Invention is embodied
- “In practice, invention manifests through the body, for a given body actively participates as an inherent material, alongside other materials, other bodies, in the reading and writing process, in the ever-becoming, ever-shifting engulfment of semiosis.”
- Embodiment is technology mediated.
- “Meaning making is mediated through the body—in a given body's available means. As Kristie Fleckenstein argues, ‘any use of language implicates a use of corporeality, blurring the distinctions between flesh and word, bodies and texts’ (p. 46).”
- “In other words, invention happens when one sits down at the computer, facing a blank screen, but invention continues as one moves from the computer screen to the kitchen, from typing to washing dishes; the mind doesn't stand still, compartmentalized, because one's body moves locations and tasks, but rather, the body travels through fluid boundaries, only compartmentalized by the tendency to enforce linear demarcations between experiences and spaces. The mind, through the body's movements, to echo Hayles, ‘forges connections,’ renewed combinations of a whole, integrated subject matter--inherent with digressions, swirls, steps off the beaten path. The body, or what Hawhee (2004) calls the ‘mind-body complex,’ is ever-present, ever-collaborative.”
Invention is social
- “Our view of invention as a social act also acknowledges the importance of interactions and conversations between individuals as key parts of invention processes. As evidenced by Plato's use of dialogues throughout his work (even if they are fictionalized conversations), talking to and with other people allows for a pooling of knowledge that can then be rearticulated by a rhetor to further complicate the values and beliefs of a community. Conversing with other writers also provides a space to work through new knowledge, which allows the writer to develop as-yet un(der)formed ideas as well as gain new insights she might not uncover otherwise.”
- Others are invisibly present because they have shaped our ideas prior to invention.

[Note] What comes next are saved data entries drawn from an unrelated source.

Lemma DM_pos M n u : 0 < u -> below_rmax M u -> 0 < DM M n u.
Proof.
  intros Hu Hmax; destruct M; unfold DM; simpl in Hmax;
    try (apply Rmult_lt_0_compat; [apply Rmult_lt_0_compat |]); apply pow_lt;
    solve [lra | apply cosh_pos | apply sinh_pos; lra | apply sin_gt_0; lra].
Qed.

Lemma below_rmax_le M u r : u <= r -> below_rmax M r -> below_rmax M u.
Proof. destruct M; simpl; auto; lra. Qed.

Lemma Rpower_pow_inv x k : 0 < x -> (0 < k)%nat -> Rpower (x ^ k) (/ INR k) = x.
Proof.
  intros Hx Hk.
  rewrite <- Rpower_pow, Rpower_mult, Rinv_r, Rpower_1 by (auto; apply not_0_INR; lia).
  reflexivity.
Qed.

Lemma derivable_pt_lim_even_0 f r l :
  0 < r -> (forall u, - r < u < r -> f (- u) = f u) ->
  derivable_pt_lim f 0 l -> l = 0.
Proof.
  intros Hr Heven Hd.
  assert (Hmirr : derivable_pt_lim (mirr_fct f) 0 (- l)).
  { apply derivable_pt_lim_mirr_fwd; rewrite Ropp_0, Ropp_involutive; exact Hd. }
  assert (Hopp : derivable_pt_lim f 0 (- l)).
  { apply (derivable_pt_lim_locally_ext (mirr_fct f) f 0 (- r) r); [lra | | exact Hmirr].
    intros z Hz; apply Heven, Hz. }
  pose proof (uniqueness_limite f 0 l (- l) Hd Hopp); lra.
Qed.

Lemma tends_to_infty_left_witness f b x K :
  tends_to_infty_left f b -> x < b -> exists u, x < u < b /\ K < f u.
Proof.
  intros Hf Hx; destruct (Hf K) as [d [Hd Hu]].
  assert (0 < Rmin d (b - x)) by (apply Rmin_pos; lra).
  pose proof (Rmin_l d (b - x)); pose proof (Rmin_r d (b - x)).
  exists (b - Rmin d (b - x) / 2); split; [lra | apply Hu; lra].
Qed.

Lemma strict_incr_of_deriv_pos f f' a b :
  (forall x, a <= x < b -> derivable_pt_lim f x (f' x)) ->
  (forall x, a < x < b -> 0 < f' x) ->
  forall x y, a <= x < y -> y < b -> f x < f y.
Proof.
  intros Hd Hpos x y Hxy Hy.
  destruct (MVT_cor2 f f' x y) as [c [Hinc Hc]]; [lra | intros z Hz; apply Hd; lra |].
  assert (0 < f' c) by (apply Hpos; lra).
  nra.
Qed.

(* A derivative that never vanishes cannot be negative anywhere: the blow-up
   forces it to be positive somewhere to the right, and it is continuous. *)
Lemma deriv_pos_of_nonvanishing f f' a b :
  (forall x, a < x < b -> derivable_pt_lim f x (f' x)) ->
  (forall x, a < x < b -> continuity_pt f' x) ->
  (forall x, a < x < b -> f' x <> 0) ->
  tends_to_infty_left f b ->
  forall x, a < x < b -> 0 < f' x.
Proof.
  intros Hd Hc Hnz Hf x Hx.
  destruct (Rtotal_order (f' x) 0) as [Hneg | [Hzero | Hpos]];
    [exfalso | exfalso; exact (Hnz x Hx Hzero) | exact Hpos].
  destruct (tends_to_infty_left_witness f b x (f x) Hf) as [u [Hu Hfu]]; [lra |].
  destruct (MVT_cor2 f f' x u) as [c [Hinc Hcu]]; [lra | intros y Hy; apply Hd; lra |].
  assert (Hc_pos : 0 < f' c) by nra.
  destruct (IVT_interv f' x c) as [z [Hz Hz0]]; [intros y Hy; apply Hc; lra | lra | lra | lra |].
  exact (Hnz z ltac:(lra) Hz0).
Qed.

Lemma tends_to_infty_left_deriv f f' a b :
  a < b ->
  (forall x, a <= x < b -> derivable_pt_lim f x (f' x)) ->
  (forall x y, a < x < y -> y < b -> f' x <= f' y) ->
  tends_to_infty_left f b -> tends_to_infty_left f' b.
Proof.
  intros Hab Hd Hmono Hf K.
  destruct (tends_to_infty_left_witness f b a (f a + Rabs K * (b - a)) Hf Hab)
    as [u [Hu Hfu]].
  destruct (MVT_cor2 f f' a u) as [c [Hinc Hc]]; [lra | intros z Hz; apply Hd; lra |].
  assert (HcK : K < f' c) by (pose proof (Rle_abs K); pose proof (Rabs_pos K); nra).
  exists (b - c); split; [lra |].
  intros y Hy; pose proof (Hmono c y ltac:(lra) ltac:(lra)); lra.
Qed.

Lemma increment_le_of_deriv_le F G F' G' a b :
  a <= b ->
  (forall x, a <= x <= b -> derivable_pt_lim F x (F' x)) ->
  (forall x, a <= x <= b -> derivable_pt_lim G x (G' x)) ->
  (forall x, a <= x <= b -> F' x <= G' x) ->
  F b - F a <= G b - G a.
Proof.
  intros Hab HF HG Hle.
  destruct (Req_dec a b) as [<- | Hne]; [lra |].
  destruct (MVT_cor2 (fun x => G x - F x) (fun x => G' x - F' x) a b) as [c [Hinc Hc]];
    [lra | intros x Hx; apply derivable_pt_lim_minus; auto |].
  assert (F' c <= G' c) by (apply Hle; lra).
  nra.
Qed.

Lemma RiemannInt_of_derivative f F a b :
  a <= b ->
  (forall x, a <= x <= b -> continuity_pt f x) ->
  (forall x, a <= x <= b -> derivable_pt_lim F x (f x)) ->
  exists pr : Riemann_integrable f a b, RiemannInt pr = F b - F a.
Proof.
  intros Hab Hc Hd.
  exists (FTC_P1 Hab Hc Hab (Rle_refl b)).
  assert (HF : antiderivative f F a b).
  { split; [| exact Hab]; intros x Hx.
    exists (exist _ (f x) (Hd x Hx)); symmetry; apply derive_pt_eq_0, Hd, Hx. }
  destruct (antiderivative_Ucte f _ _ a b (RiemannInt_P29 Hab Hc) HF) as [C HC].
  rewrite (RiemannInt_P20 Hab (FTC_P1 Hab Hc)), !HC by lra.
  ring.
Qed.

Lemma continuity_pos_bounds f a b :
  a <= b ->
  (forall x, a <= x <= b -> continuity_pt f x) ->
  (forall x, a <= x <= b -> 0 < f x) ->
  exists m M, 0 < m /\ forall x, a <= x <= b -> m <= f x <= M.
Proof.
  intros Hab Hc Hpos.
  destruct (continuity_ab_min f a b Hab Hc) as [xm [Hm Hxm]].
  destruct (continuity_ab_maj f a b Hab Hc) as [xM [HM HxM]].
  exists (f xm), (f xM); split; [apply Hpos, Hxm | intros x Hx; split; auto].
Qed.

Section BlowUpSolution.

Variables (n : nat) (lam r : R) (D h h1 h2 : R -> R).

Hypothesis n_ge2 : (2 <= n)%nat.
Hypothesis lam_gt0 : 0 < lam.
Hypothesis r_gt0 : 0 < r.
Hypothesis D_cont : continuity D.
Hypothesis D_pos : forall u, 0 < u <= r -> 0 < D u.
Hypothesis h_deriv : forall u, 0 <= u < r -> derivable_pt_lim h u (h1 u).
Hypothesis h1_deriv : forall u, 0 <= u < r -> derivable_pt_lim h1 u (h2 u).
Hypothesis ode : forall u, 0 <= u < r -> h2 u * h1 u ^ (n - 1) = exp (lam * h u) * D u.
Hypothesis h_blowup : tends_to_infty_left h r.
Hypothesis h1_0 : h1 0 = 0.

Lemma h_cont u : 0 <= u < r -> continuity_pt h u.
Proof. intros Hu; apply derivable_continuous_pt; exists (h1 u); apply h_deriv, Hu. Qed.

Lemma h1_cont u : 0 <= u < r -> continuity_pt h1 u.
Proof. intros Hu; apply derivable_continuous_pt; exists (h2 u); apply h1_deriv, Hu. Qed.

Lemma ode_rhs_pos u : 0 < u < r -> 0 < exp (lam * h u) * D u.
Proof. intros Hu; apply Rmult_lt_0_compat; [apply exp_pos | apply D_pos; lra]. Qed.

Lemma h1_pos u : 0 < u < r -> 0 < h1 u.
Proof.
  apply (deriv_pos_of_nonvanishing h h1 0 r).
  - intros x Hx; apply h_deriv; lra.
  - intros x Hx; apply h1_cont; lra.
  - intros x Hx Hzero; pose proof (ode x ltac:(lra)) as Hx'; pose proof (ode_rhs_pos x Hx).
    rewrite Hzero, pow_i in Hx' by lia; lra.
  - exact h_blowup.
Qed.

Lemma h2_pos u : 0 < u < r -> 0 < h2 u.
Proof.
  intros Hu; apply (Rmult_lt_reg_r (h1 u ^ (n - 1))); [apply pow_lt, h1_pos, Hu |].
  rewrite Rmult_0_l, ode by lra; apply ode_rhs_pos, Hu.
Qed.

Lemma h_incr x y : 0 <= x < y -> y < r -> h x < h y.
Proof. exact (strict_incr_of_deriv_pos h h1 0 r h_deriv h1_pos x y). Qed.

Lemma h1_incr x y : 0 <= x < y -> y < r -> h1 x < h1 y.
Proof. exact (strict_incr_of_deriv_pos h1 h2 0 r h1_deriv h2_pos x y). Qed.

Lemma h_glb : is_glb (fun y => exists u, 0 <= u < r /\ y = h u) (h 0).
Proof.
  split.
  - intros y [u [Hu ->]]; destruct (Req_dec u 0) as [-> | Hu0]; [lra |].
    left; apply h_incr; lra.
  - intros b Hb; apply Hb; exists 0; split; [lra | reflexivity].
Qed.

Lemma h1_blowup : tends_to_infty_left h1 r.
Proof.
  apply (tends_to_infty_left_deriv h h1 0 r r_gt0 h_deriv); [| exact h_blowup].
  intros x y Hxy Hy; left; apply h1_incr; lra.
Qed.

Lemma h1_pow_deriv x : 0 <= x < r ->
  derivable_pt_lim (fun u => h1 u ^ n) x (INR n * exp (lam * h x) * D x).
Proof.
  intros Hx.
  replace (INR n * exp (lam * h x) * D x) with (INR n * h1 x ^ pred n * h2 x).
  - apply (derivable_pt_lim_comp h1 (fun y => y ^ n));
      [apply h1_deriv, Hx | apply derivable_pt_lim_pow].
  - replace (pred n) with (n - 1)%nat by lia.
    rewrite (Rmult_assoc (INR n) (exp _)), <- ode by exact Hx; ring.
Qed.

Lemma exp_h_deriv x : 0 <= x < r ->
  derivable_pt_lim (fun u => exp (lam * h u)) x (exp (lam * h x) * (lam * h1 x)).
Proof.
  intros Hx; apply (derivable_pt_lim_comp (fun u => lam * h u) exp).
  - apply (derivable_pt_lim_scal h), h_deriv, Hx.
  - apply derivable_pt_lim_exp.
Qed.

Lemma h1_integral_formula t : 0 < t < r ->
  exists pr : Riemann_integrable (fun u => INR n * exp (lam * h u) * D u) 0 t,
    h1 t = Rpower (RiemannInt pr) (/ INR n).
Proof.
  intros Ht.
  destruct (RiemannInt_of_derivative (fun u => INR n * exp (lam * h u) * D u)
              (fun u => h1 u ^ n) 0 t) as [pr Hpr]; [lra | | |].
  - intros x Hx; pose proof (h_cont x ltac:(lra)); reg.
  - intros x Hx; apply h1_pow_deriv; lra.
  - exists pr; rewrite Hpr, h1_0, pow_i, Rminus_0_r by lia.
    symmetry; apply Rpower_pow_inv; [apply h1_pos, Ht | lia].
Qed.

(* Since (h1^n)' = n e^(lam h) D <= n sup D e^(lam h) and (e^(lam h))' >= lam h1(r/2) e^(lam h)
   on [r/2, r), the choice B = n sup D / (lam h1(r/2)) makes h1^n - B e^(lam h) nonincreasing. *)
Lemma D_bounds : exists m M, 0 < m /\ forall x, r / 2 <= x <= r -> m <= D x <= M.
Proof.
  apply continuity_pos_bounds; [lra | intros x _; apply D_cont | intros x Hx; apply D_pos; lra].
Qed.

Lemma h1_pow_le_exp :
  exists A B, 0 < B /\ forall t, r / 2 <= t < r -> h1 t ^ n <= A + B * exp (lam * h t).
Proof.
  destruct D_bounds as [m [Mx [Hm HD]]].
  assert (Ha1 : 0 < h1 (r / 2)) by (apply h1_pos; lra).
  assert (HMx : 0 < Mx) by (destruct (HD r ltac:(lra)); lra).
  assert (HnR : 0 < INR n) by (apply lt_0_INR; lia).
  set (B := INR n * Mx / (lam * h1 (r / 2))).
  assert (HB : 0 < B) by (apply Rdiv_lt_0_compat; nra).
  assert (HBl : B * lam * h1 (r / 2) = INR n * Mx) by (unfold B; field; lra).
  exists (h1 (r / 2) ^ n), B; split; [exact HB |]; intros t Ht.
  assert (Hcmp := increment_le_of_deriv_le (fun u => h1 u ^ n) (fun u => B * exp (lam * h u))
    (fun u => INR n * exp (lam * h u) * D u) (fun u => B * (exp (lam * h u) * (lam * h1 u)))
    (r / 2) t ltac:(lra)).
  simpl in Hcmp.
  assert (H0 : 0 < B * exp (lam * h (r / 2))) by (apply Rmult_lt_0_compat; [exact HB | apply exp_pos]).
  enough (h1 t ^ n - h1 (r / 2) ^ n <= B * exp (lam * h t) - B * exp (lam * h (r / 2))) by lra.
  apply Hcmp.
  - intros x Hx; apply h1_pow_deriv; lra.
  - intros x Hx; apply (derivable_pt_lim_scal (fun u => exp (lam * h u))), exp_h_deriv; lra.
  - intros x Hx.
    assert (Hh1x : h1 (r / 2) <= h1 x)
      by (destruct (Req_dec x (r / 2)) as [-> | Hne]; [lra | left; apply h1_incr; lra]).
    destruct (HD x ltac:(lra)) as [_ HDx].
    pose proof (exp_pos (lam * h x)) as HX.
    assert (HBl0 : 0 < B * lam) by (apply Rmult_lt_0_compat; lra).
    assert (INR n * D x <= B * lam * h1 x) by nra.
    nra.
Qed.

- The audience is also implicated in the act of invention. “Without considering the effects one's rhetorical choices will have on an audience and the ways in which these choices will impact existing views of a subject, a rhetor's attempts at persuasion become nearly impossible.” Also, one’s work will help the reader reinvent his/her own work.
The authors also claim:
- The role of the composition is to put things together, which means letting go of the internal drive toward coherence.
- The new is always very old.
- We need to dialogue with each other in our scholarship.
**This webtext makes use of video, video and audio recorded dialogue, and audio overlapped in video. Scholarship is presented in linear text under the opening videos.